YOUR TASK:
Please return every line of the records below that holds the word "tauto".

RECORDS FOR THIS TASK:
Lemma env_at_update (e : nat -> W) (m : nat) (x : W) (n : nat) :
  env_at (fun k => if Nat.eqb k m then x else e k) n =
  (fun k => if Nat.eqb k m then urep x n else env_at e n k).
Proof. apply functional_extensionality; intro k; unfold env_at; destruct (Nat.eqb k m); reflexivity. Qed.

Theorem los (phi : formula) (e : nat -> W) :
  holds W e phi <-> U (fun n => holds M (env_at e n) phi).
Proof.
  revert e; induction phi as [t1 t2|phi IH|phi1 IH1 phi2 IH2|m phi IH]; intro e; cbn [holds].
  - rewrite ultrapower_eq_iff.
    pose proof (uf_inter _ _ (los_term t1 e) (los_term t2 e)) as Ht.
    split; intro H; apply (uf_combine _ _ _ Ht H); intros n [E1 E2]; congruence.
  - rewrite IH. split; intro H.
    + destruct (uf_compl (fun n => holds M (env_at e n) phi)); tauto.
    + intro H'. destruct (uf_nonempty _ (uf_inter _ _ H H')) as [n [Hn Hn']]. auto.
  - rewrite IH1, IH2. split.
    + intros [H1 H2]; apply uf_inter; assumption.
    + intro H; split; apply (uf_superset _ _ H); tauto.
  - split.
    + intro H.
      destruct (uf_compl (fun n => forall x : M,
         holds M (fun k => if Nat.eqb k m then x else env_at e n k) phi)) as [Hall|Hnall];
        [exact Hall|exfalso].
      (* a componentwise counterexample, chosen by epsilon, is a counterexample in W *)
      pose (g := fun n => epsilon (inhabits (lzero : M))
                 (fun v => ~ holds M (fun k => if Nat.eqb k m then v else env_at e n k) phi)).
      pose proof (proj1 (IH _) (H (uclass g))) as Hg.
      destruct (uf_nonempty _ (uf_inter _ _ (uf_inter _ _ Hnall Hg) (urep_uclass g)))
        as [n [[Hn Hgn] Eg]].
      rewrite env_at_update, Eg in Hgn.
      apply not_all_ex_not in Hn.
      exact (epsilon_spec (inhabits (lzero : M)) _ Hn Hgn).
    + intros H x. apply IH. rewrite (functional_extensionality _ _ (env_at_update e m x)).
      apply (uf_superset _ _ H). intros n Hn; apply Hn.
Qed.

REPLY TO THE TASK:
    + destruct (uf_compl (fun n => holds M (env_at e n) phi)); tauto.
    + intro H; split; apply (uf_superset _ _ H); tauto.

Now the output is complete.